Under the facts of the PLR, the Company is a privately owned company engaged in a business and has 2 class of outstanding common stock, voting and non-voting. The Company has an ESOP which owns shares of the nonvoting stock. Prior to Date 1, in order to provide liquidity to the Retirement Plan and to help the Retirement Plan diversify its assets, Company's board of directors plan to annually redeem an amount of shares of Class B common stock held by the Retirement Plan. At the meeting, the board of directors approved a financial forecast that included a dedicated line item for the planned redemptions. Absent further redemptions, the Retirement Plan will have sufficient liquidity to meet its obligations for only the next 3 to 5 years.

On Date 1, Company redeemed e shares of Class B common stock from the Retirement Plan in exchange for cash, which reduced the Retirement Plan's ownership of Company's total shares of common stock outstanding . On or about Date 2, Company will redeem shares of Class B common stock from the Retirement Plan in exchange for cash which will reduce the Retirement Plan's ownership of Company's total shares of common stock outstanding. Barring unforeseen or unanticipated business circumstances regarding cash flow, Company plans additional annual redemptions from the Retirement Plan.

On or about Date 3, Company will redeem shares of Class B common stock from the Family Group in exchange for cash. Currently, there is no plan to offer any further redemptions to the Family Group.
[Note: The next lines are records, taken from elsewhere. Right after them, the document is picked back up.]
(* Let $G$ be a group and $R$ a retract of $G$. Suppose $G$ is weakly hyperbolic relative to a collection of subgroups $\mathcal A=\{A_1,\ldots,A_m\}$ with $A_i\le R$ for all $i=1,\ldots,m$. Then $R$ is weakly hyperbolic relative to $\mathcal A$.
   Context: $R\le G$ is a retract if there is a homomorphism $G\to R$ restricting to the identity on $R$. For a group $G$ and a collection $\mathcal H=\{H_1,\ldots,H_m\}$ of subgroups, $X\subset G$ is a relative generating set if $G$ is generated by $X\cup H_1\cup\cdots\cup H_m$; the relative Cayley graph is the Cayley graph of $G$ with respect to $X\cup H_1\cup\cdots\cup H_m$ with combinatorial metric; $G$ is weakly hyperbolic relative to $\mathcal H$ if for some finite relative generating set $X$ this relative Cayley graph is hyperbolic. *)

From Stdlib Require Import List Arith.
Import ListNotations.

Record Group := {
  gcar :> Type;
  gmul : gcar -> gcar -> gcar;
  ginv : gcar -> gcar;
  gone : gcar;
  gmul_assoc : forall x y z, gmul x (gmul y z) = gmul (gmul x y) z;
  gmul_1l : forall x, gmul gone x = x;
  gmul_Vl : forall x, gmul (ginv x) x = gone
}.

Arguments gmul {g} _ _.
Arguments ginv {g} _.
Arguments gone {g}.

Definition is_subgroup (G : Group) (H : G -> Prop) : Prop :=
  H gone /\ (forall x y, H x -> H y -> H (gmul x y)) /\ (forall x, H x -> H (ginv x)).

Definition is_hom (G : Group) (f : G -> G) : Prop :=
  forall x y, f (gmul x y) = gmul (f x) (f y).

Definition is_retract (G : Group) (R : G -> Prop) : Prop :=
  is_subgroup G R /\
  exists r : G -> G, is_hom G r /\ (forall g, R (r g)) /\ (forall g, R g -> r g = g).

Definition in_gen (G : Group) (S : G -> Prop) (g : G) : Prop :=
  forall K : G -> Prop, is_subgroup G K -> (forall s, S s -> K s) -> K g.

Definition generates (G : Group) (H : G -> Prop) (S : G -> Prop) : Prop :=
  forall g, H g <-> in_gen G S g.

Fixpoint word_prod (G : Group) (l : list G) : G :=
  match l with [] => gone | s :: l' => gmul s (word_prod G l') end.

Definition word_len_le (G : Group) (S : G -> Prop) (g : G) (n : nat) : Prop :=
  exists l : list G, length l <= n /\ Forall (fun s => S s \/ S (ginv s)) l
                     /\ word_prod G l = g.

Definition cay_dist (G : Group) (S : G -> Prop) (x y : G) (n : nat) : Prop :=
  word_len_le G S (gmul (ginv x) y) n /\
  forall m, word_len_le G S (gmul (ginv x) y) m -> n <= m.

(* Gromov hyperbolicity of the Cayley graph of H w.r.t. S (vertex set H),
   via the four-point condition:
   d(x,y)+d(z,w) <= max(d(x,z)+d(y,w), d(x,w)+d(y,z)) + 2 delta *)
Definition cayley_hyperbolic (G : Group) (H : G -> Prop) (S : G -> Prop) : Prop :=
  exists delta : nat,
    forall x y z w : G, H x -> H y -> H z -> H w ->
    forall dxy dzw dxz dyw dxw dyz : nat,
      cay_dist G S x y dxy -> cay_dist G S z w dzw ->
      cay_dist G S x z dxz -> cay_dist G S y w dyw ->
      cay_dist G S x w dxw -> cay_dist G S y z dyz ->
      dxy + dzw <= Nat.max (dxz + dyw) (dxw + dyz) + 2 * delta.

Definition rel_gens (G : Group) (X : list G) (Hs : list (G -> Prop)) (g : G) : Prop :=
  In g X \/ exists Hi, In Hi Hs /\ Hi g.

Definition weakly_hyperbolic_rel (G : Group) (H : G -> Prop) (Hs : list (G -> Prop)) : Prop :=
  exists X : list G,
    (forall x, In x X -> H x) /\
    generates G H (rel_gens G X Hs) /\
    cayley_hyperbolic G H (rel_gens G X Hs).

(* The retraction r maps words in S = X ∪ ⋃ A_i to words of the same length in
   S' = r(X) ∪ ⋃ A_i, and the finitely many letters of r(X) have bounded S-length,
   so on R the Cayley distances satisfy d_S' <= d_S <= C d_S'.  Hence every
   d_S'-geodesic is a C-path in the δ-hyperbolic graph of (G, S) whose length is
   bounded by its d_S-distances.  Such paths stay uniformly close to d_S-geodesics
   (a C-path avoiding a D-ball around a point of a geodesic between its endpoints
   must have length exponential in D), so d_S'-triangles are uniformly thin, and
   thin triangles give the four-point condition for d_S'. *)

From Stdlib Require Import List Arith Lia Classical ClassicalEpsilon.
Import ListNotations.

Lemma Forall_firstn {A} (P : A -> Prop) n (l : list A) : Forall P l -> Forall P (firstn n l).
Proof. intros H; rewrite <- (firstn_skipn n l) in H; now apply Forall_app in H as []. Qed.

Lemma Forall_skipn {A} (P : A -> Prop) n (l : list A) : Forall P l -> Forall P (skipn n l).
Proof. intros H; rewrite <- (firstn_skipn n l) in H; now apply Forall_app in H as []. Qed.

Lemma ex_least (P : nat -> Prop) :
  (exists n, P n) -> exists n, P n /\ forall m, P m -> n <= m.
Proof.
  intros [n Pn]; induction n as [n IH] using lt_wf_ind.
  destruct (classic (exists m, m < n /\ P m)) as [[m [ltmn Pm]] | Hnone].
  - exact (IH m ltmn Pm).
  - exists n; split; [exact Pn |].
    intros m Pm; destruct (le_lt_dec n m) as [le_nm | lt_mn]; [exact le_nm |].
    exfalso; eauto.
Qed.

Lemma ex_least_le (P : nat -> Prop) m :
  P m -> exists j, j <= m /\ P j /\ (j = 0 \/ ~ P (j - 1)).
Proof.
  intros Pm; destruct (ex_least P (ex_intro _ m Pm)) as [j [Pj Hmin]].
  exists j; split; [now apply Hmin | split; [exact Pj |]].
  destruct j as [| j]; [now left | right].
  intros Pj'; specialize (Hmin _ Pj'); lia.
Qed.

Lemma ex_greatest_bounded (P : nat -> Prop) B :
  (exists n, P n) -> (forall n, P n -> n <= B) ->
  exists n, P n /\ forall m, P m -> m <= n.
Proof.
  revert P; induction B as [| B IH]; intros P [n0 Pn0] Hbound.
  - exists n0; split; [exact Pn0 |].
    intros m Pm; specialize (Hbound _ Pm); lia.
  - destruct (classic (P (S B))) as [PSB | nPSB].
    + exists (S B); split; [exact PSB | exact Hbound].
    + apply IH; [now exists n0 |].
      intros m Pm; specialize (Hbound _ Pm).
      assert (m <> S B) by (intros ->; contradiction); lia.
Qed.

Lemma square_le_pow2 t : t * t <= 2 ^ t + 2.
Proof.
  assert (Hlin : forall t, 3 <= t -> 2 * t + 1 <= 2 ^ t).
  { induction t0 as [| t0 IH]; intros Ht; [lia |].
    destruct (Nat.eq_dec t0 2) as [-> | ne]; [simpl; lia |].
    specialize (IH ltac:(lia)); rewrite Nat.pow_succ_r'; lia. }
  induction t as [| t IH]; [simpl; lia |].
  destruct (le_lt_dec t 2) as [le | lt].
  - destruct t as [| [| [| t]]]; simpl; lia.
  - specialize (Hlin t ltac:(lia)); rewrite Nat.pow_succ_r'; nia.
Qed.

Definition morse_bound (C δ : nat) : nat := C + δ * (4 * C + 16 * δ + 3).

Lemma linear_log_bound C δ D :
  2 * D <= C + 2 * (δ * (Nat.log2 (8 * D) + 1)) -> D <= morse_bound C δ.
Proof.
  intros H; unfold morse_bound.
  destruct D as [| D']; [lia |].
  pose proof (Nat.log2_spec (8 * S D') ltac:(lia)) as [Hlog _].
  set (t := Nat.log2 (8 * S D')) in *.
  pose proof (square_le_pow2 t).
  assert (t <= 4 * C + 16 * δ + 2) by nia.
  nia.
Qed.

Definition fellow_bound (C δ : nat) : nat := C * (2 * morse_bound C δ + 1) + morse_bound C δ.

Definition thin_bound (C δ : nat) : nat := fellow_bound C δ + (3 * δ + 1) + morse_bound C δ.

Definition between {T} (d : T -> T -> nat) (x p y : T) : Prop := d x p + d p y = d x y.

Definition concat_path {T} (u1 : nat -> T) (N1 : nat) (u2 : nat -> T) : nat -> T :=
  fun t => if t <=? N1 then u1 t else u2 (t - N1).

Lemma concat_path_end {T} (u1 u2 : nat -> T) N1 N2 :
  u1 N1 = u2 0 -> concat_path u1 N1 u2 (N1 + N2) = u2 N2.
Proof.
  intros E; unfold concat_path; destruct (Nat.leb_spec (N1 + N2) N1).
  - replace N2 with 0 by lia; now rewrite Nat.add_0_r.
  - f_equal; lia.
Qed.

Lemma concat_path_forall {T} (P : T -> Prop) (u1 u2 : nat -> T) N1 N2 :
  (forall t, t <= N1 -> P (u1 t)) -> (forall t, t <= N2 -> P (u2 t)) ->
  forall t, t <= N1 + N2 -> P (concat_path u1 N1 u2 t).
Proof.
  intros H1 H2 t Ht; unfold concat_path; destruct (Nat.leb_spec t N1).
  - apply H1; lia.
  - apply H2; lia.
Qed.

Section HyperbolicSpace.
Variables (T : Type) (d : T -> T -> nat).
Hypothesis d_refl : forall x, d x x = 0.
Hypothesis d_sym : forall x y, d x y = d y x.
Hypothesis d_tri : forall x y z, d x z <= d x y + d y z.
Hypothesis d_geo : forall a b, exists g : nat -> T, g 0 = a /\ g (d a b) = b /\
  forall i j, i <= j <= d a b -> d (g i) (g j) = j - i.
Variable δ : nat.
Hypothesis d_four : forall x y z w,
  d x y + d z w <= Nat.max (d x z + d y w) (d x w + d y z) + 2 * δ.

Definition cpath (C : nat) (u : nat -> T) (N : nat) : Prop :=
  forall t, t < N -> d (u t) (u (S t)) <= C.

Lemma cpath_concat C u1 N1 u2 N2 :
  u1 N1 = u2 0 -> cpath C u1 N1 -> cpath C u2 N2 ->
  cpath C (concat_path u1 N1 u2) (N1 + N2).
Proof.
  intros E H1 H2 t Ht; unfold concat_path.
  destruct (Nat.leb_spec t N1), (Nat.leb_spec (S t) N1).
  - apply H1; lia.
  - replace t with N1 by lia; rewrite E.
    replace (S N1 - N1) with 1 by lia; apply H2; lia.
  - lia.
  - replace (S t - N1) with (S (t - N1)) by lia; apply H2; lia.
Qed.

Lemma geodesic_param a b : exists g : nat -> T,
  g 0 = a /\ g (d a b) = b /\ cpath 1 g (d a b) /\
  forall t, t <= d a b -> d a (g t) = t /\ d (g t) b = d a b - t.
Proof.
  destruct (d_geo a b) as [g [g0 [g1 Hg]]]; exists g; repeat split; auto.
  - intros t Ht; rewrite Hg; lia.
  - rewrite <- g0 at 1; rewrite Hg; lia.
  - rewrite <- g1 at 1; rewrite Hg; lia.
Qed.

Lemma geodesic_point a b k : k <= d a b -> exists c, d a c = k /\ d c b = d a b - k.
Proof.
  intros Hk; destruct (geodesic_param a b) as [g [_ [_ [_ Hg]]]].
  exists (g k); exact (Hg k Hk).
Qed.

(* Take the first point [g j] of a geodesic from [a] with Gromov product
   [(q | b)_(g j) <= δ]; the four-point condition at [g (j - 1)] bounds [d (g j) q]. *)
Lemma near_geodesic_of_gromov a b q :
  d a q + d q b <= d a b + 2 * δ -> exists p, between d a p b /\ d p q <= 3 * δ + 1.
Proof.
  intros Hq.
  destruct (geodesic_param a b) as [g [g0 [g1 [g_step g_dist]]]].
  set (P j := d (g j) q + d a b <= d a (g j) + d b q + 2 * δ).
  destruct (ex_least_le P (d a b)) as [j [Hj [Pj Hprev]]].
  { unfold P; rewrite g1; lia. }
  exists (g j); split; [destruct (g_dist j Hj); unfold between; lia |].
  destruct (g_dist j Hj) as [Eaj Ejb].
  destruct Hprev as [-> | Hprev].
  { unfold P in Pj; rewrite g0, d_refl in *; rewrite (d_sym b q) in Pj; lia. }
  assert (j <> 0) by (intros ->; contradiction).
  unfold P in Pj, Hprev; destruct (g_dist (j - 1) ltac:(lia)) as [Eaj' Ej'b].
  pose proof (d_four a b (g (j - 1)) q).
  pose proof (g_step (j - 1) ltac:(lia)) as Hstep; replace (S (j - 1)) with j in Hstep by lia.
  pose proof (d_tri (g j) (g (j - 1)) q).
  rewrite (d_sym (g j) (g (j - 1))) in *; rewrite (d_sym b (g (j - 1))), (d_sym b q) in *.
  lia.
Qed.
The Service rule that the planned series of redemptions of Class B stock from the Retirement Plan will be treated as redemptions that are not essentially equivalent to a dividend per §302(b)(1). See United States v. Davis , 397 U.S. 301 (1970); Rev. Rul. 75-512, 1975-2 C.B. 112; Rev. Rul. 77-426, 1977-2 C.B. 87. It further ruled that the redemption of the family’s stock will constitute a single and isolated transaction and will not result in a deemed distribution under section 305 with respect to any of Company's shareholders, regardless of whether such shareholder has a portion of its stock redeemed in the transaction. See Treas. Reg. § 1.305-3(e), Examples (10) and (11). See also Rev. Rul. 77-19, 1979-1 C.B. 84.

 

Chief Counsel's Office Issues Memorandum Treating Lending Activities Undertaken by Foreign Corporations Through U.S. Agent As Effectively Connected Income (CC:Intl:BR5)(9/22/09)

In a move designed to thwart efforts to have offshore loan originators and purchases of U.S. debt portfolios, such as consumer debt or subprime mortgages, from avoiding effectively connected income per §864(b), the Office of Chief Counsel addressed the question of whether interest income earned by a foreign corporation with respect to loans originated by an agent, whether dependent or independent, operating in the United States is attributable to "the U.S. office" through which the foreign corporation’s banking, financing or similar business activity is carried on, such that the interest income is "effectively connected income"?

The CCO Memorandum concludes that received by a foreign corporation with respect to loans that it originated to U.S. borrowers constitutes income effectively connected with such foreign corporation’s banking, financing or similar business when an agent, whether dependent or independent, performs origination activities described in the facts below on the foreign corporation’s behalf with respect to such loans in the United States.